### Your instructions
Go through the material line by line and copy each one with the word "exists".

### Available records
====
(* (i) Let $G$ be a graph, $c$ a Grundy-coloring of $G$ using $k$ colors, and $u$ a vertex with $c(u)=k$. Let $H$ be a subgraph of $G$ of minimum cardinality such that $u\in V(H)$ and the restriction of $c$ to $V(H)$ is a Grundy-coloring of $H$ with $k$ colors. Then $V(H)\subseteq B(u,k-1)\subseteq B(u,d_G(u))$. Moreover, either $V(H)\subseteq B(u,\Delta(u))$ (and hence $V(H)\subseteq V(G(u))$), or for some neighbor $w$ of $u$, $V(H)\subseteq B(w,\Delta(w))$ (and hence $V(H)\subseteq V(G(w))$). (ii) For any graph $G$, $\Gamma(G)=\max_{v\in V(G)}\Gamma(G(v))=\max_{v\in V(G)}\Gamma_{G(v)}(v)$.
   Context: Graphs are finite and simple. A Grundy-coloring of $G$ is a proper coloring with nonempty color classes $C_1,\ldots,C_k$ (color $i$ on $C_i$) such that for $i<j$ each vertex of $C_j$ has a neighbor in $C_i$; $\Gamma(G)$ is the maximum number of colors of a Grundy-coloring, and $\Gamma_G(v)$ is the maximum color of $v$ over Grundy-colorings of $G$. $d_G(v)$ is the degree and $d_G(u,v)$ the distance. $B(u,r)=\{v\in V(G): d_G(u,v)\le r\}$. For $u\in V(G)$, $\Delta(u)=\max\{d(v): v\in N(u),\ d(v)\le d(u)\}$, and $G(u)$ is the induced subgraph $G[B(u,\Delta(u))]$. *)

(* Simple graph = symmetric irreflexive relation e on a finType T. *)
From mathcomp Require Import all_boot all_order.
Set Implicit Arguments. Unset Strict Implicit. Unset Printing Implicit Defensive.

Section Defs.
Variable T : finType.

Definition deg (e : rel T) (v : T) : nat := #|[set w | e v w]|.

Definition ball (e : rel T) (u : T) (r : nat) : {set T} :=
  iter r (fun A : {set T} => A :|: [set y | [exists x in A, e x y]]) [set u].

(* Delta(u) = max { d(v) : v in N(u), d(v) <= d(u) }  (0 if this set is empty) *)
Definition Delta (e : rel T) (u : T) : nat :=
  \max_(v | e u v && (deg e v <= deg e u)) deg e v.

(* vertex set of G(u) = G[B(u, Delta(u))] *)
Definition Gset (e : rel T) (u : T) : {set T} := ball e u (Delta e u).

(* c is a Grundy-coloring with colour classes C_1..C_k of the graph with
   vertex set S and edge relation f (only vertices of S matter). *)
Definition grundyb (S : {set T}) (f : rel T) (k : nat) (c : T -> nat) : bool :=
  [&& [forall x in S, (0 < c x) && (c x <= k)],
      [forall i : 'I_k.+1, (0 < i) ==> [exists x in S, c x == i]],
      [forall x in S, forall y in S, f x y ==> (c x != c y)] &
      [forall x in S, forall i : 'I_k.+1,
          ((0 < i) && (i < c x)) ==> [exists y in S, f x y && (c y == i)]]].

Definition subgraph (e : rel T) (S : {set T}) (f : rel T) : Prop :=
  symmetric f /\ forall x y, f x y -> [/\ x \in S, y \in S & e x y].

(* Grundy number of the graph (S, f): a Grundy-colouring uses at most #|S|
   colours, so colourings with values in 'I_(#|S|.+1) are enough. *)
Definition gamma (S : {set T}) (f : rel T) : nat :=
  \max_(k < #|S|.+1 | [exists c : {ffun T -> 'I_(#|S|.+1)},
                         grundyb S f k (fun x => c x)]) k.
====
### Exercise response
  iter r (fun A : {set T} => A :|: [set y | [exists x in A, e x y]]) [set u].
      [forall i : 'I_k.+1, (0 < i) ==> [exists x in S, c x == i]],
          ((0 < i) && (i < c x)) ==> [exists y in S, f x y && (c y == i)]]].
  \max_(k < #|S|.+1 | [exists c : {ffun T -> 'I_(#|S|.+1)},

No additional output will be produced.